The comparative analysis of experimental results in a–d of Fig. 9 shows that, compared with traditional PSO, GA and SSA, the AFM-PSO algorithm converges to a smaller objective function value, indicating its solution is closer to the theoretical optimum with higher solving accuracy. Additionally, the AFM-PSO algorithm demonstrates superior convergence performance during iterative optimization, requiring only about 25 iterations to precisely locate the optimal value (Fig. 9d), significantly reducing computation time. This efficient optimization capability effectively overcomes the bottlenecks of low efficiency and long computation time existing in traditional algorithms when handling complex optimization problems, substantially improving solving efficiency. It provides more efficient and reliable algorithmic support for solving complex engineering optimization problems such as precision upgrade of distribution networks.
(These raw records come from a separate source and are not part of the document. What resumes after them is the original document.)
(* [x ^ n * E x] is nondecreasing, its derivative being [x ^ (n-1) * (n E + x E')]. *)
Lemma le_mul_pow_of_derive (E dE : R -> R) (n : nat) (y z : R) :
  0 < y <= z ->
  (forall x, y <= x <= z -> is_derive E x (dE x)) ->
  (forall x, y <= x <= z -> 0 <= x * dE x + INR n * E x) ->
  E y <= E z * (z / y) ^ n.
Proof.
  intros Hyz Hder Hineq.
  set (g := fun x => x ^ n * E x).
  set (dg := fun x => INR n * x ^ pred n * E x + x ^ n * dE x).
  assert (Hg : forall x, y <= x <= z -> is_derive g x (dg x)).
  { intros x Hx. unfold g, dg. auto_derive.
    - eexists. apply Hder, Hx.
    - replace (Derive (fun x => E x) x) with (dE x) by (symmetry; apply is_derive_unique, Hder, Hx).
      ring. }
  assert (Hdg : forall x, y <= x <= z -> 0 <= dg x).
  { intros x Hx. specialize (Hineq x Hx). unfold dg.
    destruct n as [|m].
    - simpl in *. nra.
    - replace (INR (S m) * x ^ pred (S m) * E x + x ^ S m * dE x)
        with (x ^ m * (x * dE x + INR (S m) * E x)) by (change (pred (S m)) with m; rewrite <- tech_pow_Rmult; ring).
      apply Rmult_le_pos; [apply pow_le; lra | exact Hineq]. }
  assert (Hmono : g y <= g z).
  { destruct (MVT_gen g y z dg) as [c [Hc Hmvt]];
      rewrite ?Rmin_left, ?Rmax_right in * by lra.
    - intros x Hx. apply Hg. lra.
    - intros x Hx. apply continuity_pt_filterlim, (@ex_derive_continuous R_AbsRing R_NormedModule).
      eexists. apply Hg, Hx.
    - pose proof (Hdg c Hc). nra. }
  unfold g in Hmono.
  assert (Hyn : 0 < y ^ n) by (apply pow_lt; lra).
  apply (Rmult_le_reg_l (y ^ n) _ _ Hyn).
  unfold Rdiv. rewrite Rpow_mult_distr, pow_inv.
  replace (y ^ n * (E z * (z ^ n * / y ^ n))) with (z ^ n * E z) by (field; lra).
  exact Hmono.
Qed.

Definition twist_dens (alpha nu : R -> R -> R) (K t r : R) : R :=
  exp (2 * beta nu alpha t r) * K ^ 2 / (4 * sqrt (alpha t r) * r ^ 4).

Definition htilde (alpha nu U A : R -> R -> R) (K t r : R) : R :=
  hdens alpha U A t r + twist_dens alpha nu K t r.

Definition dissip (alpha nu U A : R -> R -> R) (K t r : R) : R :=
  exp (2 * beta nu alpha t r) * K ^ 2 / (sqrt (alpha t r) * r ^ 5)
  + 2 * (dR U t r) ^ 2 / (sqrt (alpha t r) * r)
  + sqrt (alpha t r) * exp (4 * U t r) * (dT A t r) ^ 2 / (2 * r ^ 3).

Definition flux (alpha U A : R -> R -> R) (t r : R) : R :=
  2 * sqrt (alpha t r) * dT U t r * dR U t r
  + exp (4 * U t r) * sqrt (alpha t r) * dT A t r * dR A t r / (2 * r ^ 2).

(* Explicit forms of d_R h~ and d_theta flux: their joint continuity is needed to
   differentiate under the integral sign and to integrate d_theta flux. *)
Definition htilde_dR (alpha nu U A : R -> R -> R) (K t r : R) : R :=
  let s := sqrt (alpha t r) in
  let s_R := dR alpha t r / (2 * s) in
  let e := exp (4 * U t r) / (4 * r ^ 2) in
  2 * dR U t r * dR (dR U) t r / s - dR U t r ^ 2 * s_R / s ^ 2
  + s_R * dT U t r ^ 2 + 2 * s * dT U t r * dR (dT U) t r
  + e * (4 * dR U t r - 2 / r) * (dR A t r ^ 2 / s + s * dT A t r ^ 2)
  + e * (2 * dR A t r * dR (dR A) t r / s - dR A t r ^ 2 * s_R / s ^ 2
         + s_R * dT A t r ^ 2 + 2 * s * dT A t r * dR (dT A) t r)
  + twist_dens alpha nu K t r * (2 * (dR nu t r + dR alpha t r / (2 * alpha t r)) - s_R / s - 4 / r).

Definition flux_dT (alpha U A : R -> R -> R) (t r : R) : R :=
  let s := sqrt (alpha t r) in
  let s_T := dT alpha t r / (2 * s) in
  2 * s_T * dT U t r * dR U t r + 2 * s * dT (dT U) t r * dR U t r
  + 2 * s * dT U t r * dT (dR U) t r
  + exp (4 * U t r) / (2 * r ^ 2)
    * (4 * dT U t r * s * dT A t r * dR A t r + s_T * dT A t r * dR A t r
       + s * dT (dT A) t r * dR A t r + s * dT A t r * dT (dR A) t r).

Ltac positivity :=
  repeat first
    [ assumption | apply Rgt_not_eq | apply Rmult_lt_0_compat | apply pow_lt
    | apply sqrt_lt_R0 | apply exp_pos | lra ].

Lemma dissip_nonneg (alpha nu U A : R -> R -> R) (K t r : R) :
  0 < alpha t r -> 0 < r -> 0 <= dissip alpha nu U A K t r.
Proof.
  intros Hpos Hr. assert (0 < sqrt (alpha t r)) by (apply sqrt_lt_R0, Hpos).
  unfold dissip.
  repeat first [ apply pow2_ge_0 | apply Rplus_le_le_0_compat | apply Rdiv_le_0_compat
               | apply Rmult_le_pos | left; apply exp_pos | lra | positivity ].
Qed.

Lemma dissip_le_htilde (alpha nu U A : R -> R -> R) (K t r : R) :
  0 < alpha t r -> 0 < r -> r * dissip alpha nu U A K t r <= 4 * htilde alpha nu U A K t r.
Proof.
  intros Hpos Hr. assert (Hs : 0 < sqrt (alpha t r)) by (apply sqrt_lt_R0, Hpos).
  unfold dissip, htilde, hdens, twist_dens.
  apply Rminus_le_0.
  replace (4 * _ - _) with
    (2 * dR U t r ^ 2 / sqrt (alpha t r) + 4 * sqrt (alpha t r) * dT U t r ^ 2
     + exp (4 * U t r) * dR A t r ^ 2 / (r ^ 2 * sqrt (alpha t r))
     + exp (4 * U t r) * sqrt (alpha t r) * dT A t r ^ 2 / (2 * r ^ 2))
    by (field; split; positivity).
  repeat first [ apply pow2_ge_0 | apply Rplus_le_le_0_compat | apply Rdiv_le_0_compat
               | apply Rmult_le_pos | left; apply exp_pos | lra | positivity ].
Qed.

(* [pd_path] and [pd_root] read a term [dR (dT f)] back as [pd [true; false] f]. *)
Ltac pd_path g :=
  lazymatch g with
  | dR ?h => let l := pd_path h in constr:(cons true l)
  | dT ?h => let l := pd_path h in constr:(cons false l)
  | _ => constr:(@nil bool)
  end.

Ltac pd_root g :=
  lazymatch g with
  | dR ?h => pd_root h
  | dT ?h => pd_root h
  | _ => g
  end.

Ltac continuous2_pd g :=
  let ds := pd_path g in
  let f := pd_root g in
  match goal with
  | Hf : smooth_on ?D f |- _ => apply (smooth_on_continuous2 D f Hf ds); assumption
  end.

Ltac continuous2_tac :=
  repeat match goal with
  | |- continuous2 (fun _ _ => ?c) _ _ => apply continuous2_const
  | |- continuous2 (fun _ r => r) _ _ => apply continuous2_snd
  | |- continuous2 (fun _ _ => _ + _) _ _ => apply continuous2_plus
  | |- continuous2 (fun _ _ => _ - _) _ _ => apply continuous2_minus
  | |- continuous2 (fun _ _ => _ * _) _ _ => apply continuous2_mult
  | |- continuous2 (fun _ _ => _ / _) _ _ => apply continuous2_div
  | |- continuous2 (fun _ _ => - _) _ _ => apply continuous2_opp
  | |- continuous2 (fun _ _ => _ ^ _) _ _ => apply continuous2_pow
  | |- continuous2 (fun _ _ => exp _) _ _ =>
      apply (continuous2_comp _ _ exp); [|apply continuous_exp]
  | |- continuous2 (fun _ _ => sqrt _) _ _ =>
      apply (continuous2_comp _ _ sqrt); [|apply continuous_sqrt]
  | |- continuous2 (fun _ _ => ln _) _ _ =>
      apply (continuous2_comp _ _ ln); [|apply continuous_ln]
  | |- continuous2 (fun t r => ?g t r) _ _ => continuous2_pd g
  | |- continuous2 ?g _ _ => continuous2_pd g
  end.

Ltac ex_derive_pd :=
  match goal with
  | |- ex_derive (fun x => ?g ?t x) ?r =>
      let ds := pd_path g in let f := pd_root g in
      match goal with
      | Hf : smooth_on ?D f |- _ => eexists; apply (smooth_on_is_derive_R D f Hf ds); assumption
      end
  | |- ex_derive (fun x => ?g x ?r) ?t =>
      let ds := pd_path g in let f := pd_root g in
      match goal with
      | Hf : smooth_on ?D f |- _ => eexists; apply (smooth_on_is_derive_T D f Hf ds); assumption
      end
  end.

Section ModifiedEnergy.

Variables (Rs Ri Rb K : R) (alpha nu U A G H : R -> R -> R).

Let strip (t r : R) : Prop := Rs < r < Rb.
Let W (t r : R) : Prop := strip t r /\ 0 < alpha t r.

Hypothesis HRs : 0 < Rs.
Hypothesis HRib : Ri < Rb.
Hypothesis Hsm_alpha : smooth_on strip alpha.
Hypothesis Hsm_nu : smooth_on strip nu.
Hypothesis Hsm_U : smooth_on strip U.
Hypothesis Hsm_A : smooth_on strip A.
Hypothesis Hper_alpha : periodic1 alpha.
Hypothesis Hper_U : periodic1 U.
Hypothesis Hper_A : periodic1 A.
Hypothesis Halpha : forall t r, Rs < r <= Ri -> 0 < alpha t r.
Hypothesis Heqs : forall t r, Rs < r <= Ri -> vacuum_eqs alpha nu U A G H K t r.

Lemma W_of_le (t r : R) : Rs < r <= Ri -> W t r.
Proof. intros Hr. split; [unfold strip; lra | apply Halpha, Hr]. Qed.
(* Monotone convergence along the closed balls of radius r - 1/(k+1)
   exhausting the open ball of radius r. *)
Lemma integral_oball_le (h : T -> R) (r c : R) :
  measurable_fun setT h -> (forall y, 0 <= h y) ->
  (forall s, s < r ->
     (\int[P]_w (\1_(cball dist x s) (Y w) * h (Y w))%:E <= c%:E)%E) ->
  (\int[P]_w (\1_(oball dist x r) (Y w) * h (Y w))%:E <= c%:E)%E.
Proof.
move=> mh h0 le_c.
have inv_gt0 (k : nat) : 0 < k.+1%:R^-1 :> R by rewrite invr_gt0 ltr0n.
pose f k w := (\1_(cball dist x (r - k.+1%:R^-1)) (Y w) * h (Y w))%:E.
have mf k : measurable_fun setT (f k).
  apply/measurable_EFinP/measurable_funM; last exact: measurableT_comp.
  exact/measurableT_comp/mY/measurable_indic/measurable_cball.
have f0 k w : setT w -> (0 <= f k w)%E.
  by move=> _; rewrite lee_fin mulr_ge0 //; case/andP: (indic01 R (cball dist x (r - k.+1%:R^-1)) (Y w)).
have f_nd w : setT w -> {homo f^~ w : n m / (n <= m)%N >-> (n <= m)%E}.
  move=> _ n m nm; rewrite lee_fin ler_wpM2r // indic_cball_le //.
  by rewrite lerD2l lerN2 lef_pV2 ?posrE ?ltr0n // ler_nat ltnS.
have f_lim w : limn (f^~ w) = (\1_(oball dist x r) (Y w) * h (Y w))%:E.
  apply: lim_near_cst => //.
  by apply: filterS (indic_cball_near_oball x (Y w) r) => k; rewrite /f => ->.
have <- : (\int[P]_w limn (f^~ w))%E =
    (\int[P]_w (\1_(oball dist x r) (Y w) * h (Y w))%:E)%E.
  by apply: eq_integral => w _; rewrite f_lim.
rewrite monotone_convergence //.
apply: lime_le; first by apply/cvg_ex; eexists; exact: cvg_monotone_convergence.
apply: nearW => k; apply: le_c.
by have := inv_gt0 k; set i := k.+1%:R^-1; lra.
Qed.
(* Let $\Delta=0$ be a passive orthonomic system as described in the context. Define the intrinsic multi-differential operators $\mathfrak{D}_K:\mathcal{B}\to\mathcal{B}$ by $\mathfrak{D}_KP=\widetilde{D_KP}$ for $P\in\mathcal{B}$, $K\in\mathbb{N}^p$. Then for all $K,L\in\mathbb{N}^p$, $\mathfrak{D}_K\mathfrak{D}_L=\mathfrak{D}_{K+L}$.
   Context: Jet space: coordinates $x_1,\dots,x_p$, $u^1,\dots,u^q$ and derivatives $u^j_K$, $K\in\mathbb{N}^p$ a multi-index. $\mathcal{A}$ is the ring of smooth functions of finitely many of these coordinates. Total derivatives $D_i=\partial/\partial x_i+\sum_{j,K}u^j_{K+e_i}\,\partial/\partial u^j_K$ ($e_i$ the $i$-th unit multi-index), $D_K=D_1^{K_1}\cdots D_p^{K_p}$. Choose $n$ pairs $(i^\alpha,J^\alpha)\in\{1,\dots,q\}\times\mathbb{N}^p$, $J^\alpha\neq0$. $u^j_K$ is principal if $(j,K)=(i^\alpha,J^\alpha+L)$ for some $\alpha,L$, otherwise parametric; $\mathcal{B}\subset\mathcal{A}$ consists of functions of the $x_i$ and parametric derivatives only. Fix a ranking $\le$: a total order on $\{1,\dots,q\}\times\mathbb{N}^p$ with $(j,K)\le(j,K+L)$ and $(i,J)\le(j,K)\iff(i,J+L)\le(j,K+L)$. The system is $u^{i^\alpha}_{J^\alpha}=P^\alpha$, $P^\alpha\in\mathcal{B}$, written $\Delta=0$ with $\Delta^\alpha=u^{i^\alpha}_{J^\alpha}-P^\alpha$; it is passive orthonomic if (i) $P^\alpha$ depends only on $u^j_K$ with $(j,K)<(i^\alpha,J^\alpha)$, and (ii) $(i^\alpha,J^\alpha+K)=(i^\beta,J^\beta+L)$ implies $D_KP^\alpha=D_LP^\beta$ (modulo the system). For such systems every $Q\in\mathcal{A}$ has a unique reduced form $\widetilde{Q}\in\mathcal{B}$ with $\widetilde{Q}\equiv Q$ modulo the differential ideal generated by the $\Delta^\alpha$ (obtained by repeatedly substituting $u^{i^\alpha}_{J^\alpha+L}\mapsto D_LP^\alpha$ for the highest principal derivative). *)

From HB Require Import structures.
From mathcomp Require Import all_boot all_order all_algebra.
From mathcomp Require Import boolp classical_sets reals topology normedtype derive.
From mathcomp Require Import matrix_topology matrix_normedtype.
Import numFieldNormedType.Exports.
Set Implicit Arguments. Unset Strict Implicit. Unset Printing Implicit Defensive.
Import Order.TTheory GRing.Theory Num.Theory.
Local Open Scope ring_scope.

Notation mindex p := {ffun 'I_p -> nat}.
Definition madd p (K L : mindex p) : mindex p := [ffun t => (K t + L t)%N].
Definition munit p (i : 'I_p) : mindex p := [ffun t => nat_of_bool (t == i)].

(* Jet coordinates: inl i = x_i ; inr (j, K) = u^j_K. *)
Notation coord p q := ('I_p + ('I_q * mindex p))%type.

Section Jet.
Variables (R : realType) (p q : nat).

Definition jet := coord p q -> R.

Fixpoint Ck (m k : nat) (f : 'rV[R]_m -> R) : Prop :=
  match k with
  | 0 => continuous f
  | k'.+1 => (forall x, differentiable f x) /\
             forall i : 'I_m, Ck k' ('D_(delta_mx 0 i) f)
  end.
Definition smooth m (f : 'rV[R]_m -> R) := forall k, Ck k f.

Definition restrict (S : seq (coord p q)) (z : jet) : 'rV[R]_(size S) :=
  \row_(k < size S) z (tnth (in_tuple S) k).

Definition smooth_on (S : seq (coord p q)) (F : jet -> R) :=
  exists G : 'rV[R]_(size S) -> R, smooth G /\ forall z, F z = G (restrict S z).

Definition inA (F : jet -> R) := exists S, smooth_on S F.

Definition depends_on (S : seq (coord p q)) (F : jet -> R) :=
  forall z w : jet, (forall c, c \in S -> z c = w c) -> F z = F w.

Definition supp (F : jet -> R) : seq (coord p q) :=
  match pselect (exists S, depends_on S F) with
  | left h => projT1 (cid h)
  | right _ => [::]
  end.

Definition shift_coord (z : jet) (c : coord p q) (t : R) : jet :=
  fun d => if d == c then z d + t else z d.

Definition partial (c : coord p q) (F : jet -> R) (z : jet) : R :=
  derive1 (fun t : R => F (shift_coord z c t)) 0.

(* total derivative D_i = d/dx_i + sum_{j,K} u^j_{K+e_i} d/du^j_K
   (finite sum, over the coordinates F depends on) *)
Definition Dtot (i : 'I_p) (F : jet -> R) : jet -> R := fun z =>
  partial (inl i) F z +
  \sum_(c <- undup (supp F))
     match c with
     | inl _ => 0
     | inr jK => z (inr (jK.1, madd jK.2 (munit i))) * partial c F z
     end.

Definition DK (K : mindex p) (F : jet -> R) : jet -> R :=
  foldr (fun i G => iter (K i) (Dtot i) G) F (enum 'I_p).

Section System.
Variables (n : nat) (ia : 'I_n -> 'I_q) (Ja : 'I_n -> mindex p)
          (P : 'I_n -> jet -> R).

Definition principal (c : coord p q) : bool :=
  match c with
  | inl _ => false
  | inr jK => [exists a, (ia a == jK.1) && [forall t, Ja a t <= jK.2 t]%N]
  end.

Definition inB (F : jet -> R) :=
  exists S, (forall c, c \in S -> ~~ principal c) /\ smooth_on S F.

Definition Delta (a : 'I_n) : jet -> R :=
  fun z => z (inr (ia a, Ja a)) - P a z.

Definition in_ideal (Q : jet -> R) :=
  exists (m : nat) (c : 'I_m -> jet -> R) (al : 'I_m -> 'I_n) (L : 'I_m -> mindex p),
    (forall k, inA (c k)) /\
    forall z, Q z = \sum_(k < m) c k z * DK (L k) (Delta (al k)) z.

Definition reduced_form (Q Rf : jet -> R) :=
  inB Rf /\ in_ideal (fun z => Q z - Rf z).

Definition unique_reduced_forms :=
  forall Q, inA Q -> exists Rf, reduced_form Q Rf /\
     forall Rf', reduced_form Q Rf' -> Rf' = Rf.

Definition is_ranking (rk : rel ('I_q * mindex p)) :=
  [/\ reflexive rk, antisymmetric rk, transitive rk & total rk] /\
  (forall j K L, rk (j, K) (j, madd K L)) /\
  (forall i J j K L, rk (i, J) (j, K) = rk (i, madd J L) (j, madd K L)).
5.5 Economic Comparative Analysis of Distribution Network Upgrade

To evaluate the economic efficiency of different upgrade approaches, three distinct methods were implemented:

Case 1: The cost-minimization approach for distribution network upgrade (method from reference [34]);

Case 2: The proposed upgrade method in this work;

Case 3: The balanced approach considering both cost minimization and feeder loading rate optimization (method from reference [35]).

The distribution network upgrade results under different case scenarios are presented in Table 4.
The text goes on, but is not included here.